Describe your changes

This is a rather large-looking PR (only because I am basing this off of #198 for ease-of-merge!), and is a sort of a first attempt (which is why I am marking it as a draft) at caching the various statistics properties as described in #201.

TL;DR: since at each iteration we only move one point in the dataset (basically map $(x_i, y_i) \mapsto (x'_i, y'_i)$ ), why not compute the new statistics ($\langle X' \rangle$, $\text{Var}(X') $, and $r(X', Y') $) in terms of the old ones ($\langle X \rangle$, $\text{Var}(X) $, and $r(X, Y) $) + the old ($(x_i, y_i) $) and new ($(x'_i, y'_i) $) points? This is essentially what this PR does.

Details

Mathematical derivation

The mean is shifted as:

$$ \langle X' \rangle = \langle X \rangle + \frac{\delta_x}{n} $$

where $\delta_x = x'_i - x_i$ (same for $Y$), the variance (or the standard deviation if you want) is shifted as:

$$ \text{Var}(X') = \text{Var}(X) + 2 \frac{\delta_x}{n} (x_i - \langle X \rangle) + \frac{\delta_x^2}{n} - \frac{\delta_x^2}{n^2} $$

while the correlation coefficient is shifted as:

$$ r(X', Y') = \frac{\langle X Y \rangle + \frac{1}{n}(\delta_x y_i + \delta_y x_i + \delta_x \delta_y) - \langle X' \rangle \langle Y' \rangle}{\sqrt{\text{Var}(X') \text{Var}(Y')}} $$

where the only new quantity to keep track of is $\langle X Y \rangle$ (the rest can be obtained from the above 2).

Workflow

With the math out of the way, this is how the new way of computing the statistics works:

read the (x, y) dataset, and make an instance of Statistics (subject to change for its somewhat ambiguous naming) from it
start the iteration
Statistics has a method, perturb, which takes in 3 arguments: the row (index) we wish to perturb, and the 2 values of the perturbations (in the x and y directions), and returns an instance of the new SummaryStatistics (i.e. the one from the perturbed data)
if _is_close_enough returns True, we call the perturb method again (it's $O(1)$ so not very expensive to call), but this time with update=True, which actually updates the data in the Statistics instance
go to the next iteration

Note that there's a bunch of new methods (shifted_mean, shifted_var, shifted_stdev, shifted_corrcoef), which we may or may not want to make private (or refactor so they accept different arguments), as I didn't put too much thought into the overall API design (again, hence the "draft" status).

Performance

Now, onto the performance results! Note that the benchmarks were done with #201 already in there, so the absolute numbers differ from the ones on main, but the reduction in the number of function calls is evident. I tested everything using python -m cProfile -m data_morph --seed 42 --start-shape panda --target-shape [shape].

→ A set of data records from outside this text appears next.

Section AverageOfLocalTerms.
Variables (C : numClosedFieldType) (n d : nat) (E : {set {set 'I_n}}).
Variable H : {set 'I_n} -> 'M[C]_(qdim n d).
Hypotheses (hermH : forall e, e \in E -> is_hermitian_op (H e))
           (actH : forall e, e \in E -> acts_on e (H e))
           (normH : forall e, e \in E -> opnorm_le (H e) 1).
Local Notation D := (qdim n d).
Local Notation N := (\sum_(e in E) \sum_(f in E) (e :&: f != set0))%N.

(* Only intersecting pairs of terms contribute, each by at most D. *)
Lemma trace_sq_sum_center_le :
  \tr ((\sum_(e in E) center (H e)) *m (\sum_(f in E) center (H f))) <= D%:R * N%:R.
Proof.
rewrite mulmx_suml raddf_sum natr_sum mulr_sumr; apply: ler_sum => e eE.
rewrite mulmx_sumr raddf_sum natr_sum mulr_sumr; apply: ler_sum => f fE.
have le_D := center_mul_le (hermH eE) (hermH fE) (normH eE) (normH fE).
have [disj_ef|] /= := eqVneq (e :&: f) set0; last by rewrite mulr1.
have [D0|D_neq0] := eqVneq (D%:R : C) 0; first by move: le_D; rewrite D0 mulr0.
rewrite mulr0 center_mul_orthogonal //.
exact: trace_mul_disjoint disj_ef (actH eE) (actH fE).
Qed.

Lemma esd_var_average_le s :
  eigen_multiset (#|E|%:R^-1 *: \sum_(e in E) H e) s -> esd_var s <= N%:R / #|E|%:R ^+ 2.
Proof.
have real_inv : (#|E|%:R^-1 : C)^* = #|E|%:R^-1 by rewrite fmorphV /= conjC_nat.
move=> /(esd_var_center (hermitian_scale_sum hermH real_inv)) ->.
rewrite center_scale center_sum -scalemxAl -scalemxAr !linearZ /= mulrA -expr2.
rewrite mulrAC mulrC; have [D0|D_neq0] := eqVneq (D%:R : C) 0.
  by rewrite D0 invr0 !mulr0 divr_ge0 ?ler0n ?exprn_ge0.
apply: le_trans (ler_wpM2r _ trace_sq_sum_center_le) _.
  by rewrite mulr_ge0 ?exprn_ge0 ?invr_ge0 ?ler0n.
by rewrite [_ * N%:R]mulrC -mulrA [X in N%:R * X]mulrCA mulfV // mulr1 exprVn.
Qed.

End AverageOfLocalTerms.

Theorem mainTheorem5 (R : rcfType) (n d k m Delta : nat)
  (E : {set {set 'I_n}})
  (H : {set 'I_n} -> 'M[R[i]]_(qdim n d)) :
  (forall e, e \in E -> #|e| = k) ->
  #|E| = m -> (1 <= m)%N ->
  (forall v : 'I_n, #|[set e in E | v \in e]| = Delta) ->
  (forall e, e \in E -> is_hermitian_op (H e)) ->
  (forall e, e \in E -> acts_on e (H e)) ->
  (forall e, e \in E -> opnorm_le (H e) 1) ->
  forall s : seq R[i],
    eigen_multiset ((m%:R)^-1 *: \sum_(e in E) H e) s ->
    esd_var s <= 4%:R * (k%:R) ^+ 2 / n%:R.
Proof.
move=> uniformE <- _ regularE hermH actH normH s eig_s.
apply: le_trans (esd_var_average_le hermH actH normH eig_s) _.
apply: le_trans (intersecting_pairs_density uniformE regularE _) _.
rewrite ler_wpM2r ?invr_ge0 ?ler0n // ler_peMl ?exprn_ge0 ?ler0n //.
by rewrite (ler_nat _ 1 4).
Qed.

# star shape - perf before
79257097 function calls (78610163 primitive calls) in 43.075 seconds
# star shape - perf after
54021781 function calls (52470658 primitive calls) in 28.704 seconds
# rings shape - perf before
94095798 function calls (93420792 primitive calls) in 43.998 seconds
# rings shape - perf after
68846080 function calls (67219947 primitive calls) in 29.592 seconds
# bullseye shape - perf before
82412199 function calls (81796202 primitive calls) in 40.245 seconds
# bullseye shape - perf after
57109757 function calls (55635954 primitive calls) in 26.200 seconds

so we use 26.1M less function calls for all shapes in question, which results in about 35% faster performance (computed as (t_old - t_new) / t_old) * 100).

Discussion items

Some possible points of discussion:

I didn't pay too much attention to Bessel's correction in the derivation of the formulas above, though I imagine the numerical difference should be mostly negligible since all of the starting datasets have > 100 points
API design (make shifted_* functions private? Could perturb do without an update argument? etc.)
the tests for shifted_* functions are a bit repetitive, and could take a while to run (I was initially very skeptical of the numerical stability, but it appears to be fine, though it could just be that I haven't tried enough scenarios to hit an instability)

Feedback is welcome :)

Checklist

Test cases have been modified/added to cover any code changes.
Docstrings have been modified/created for any code changes.
All linting and formatting checks pass (see the contributing guidelines for more information).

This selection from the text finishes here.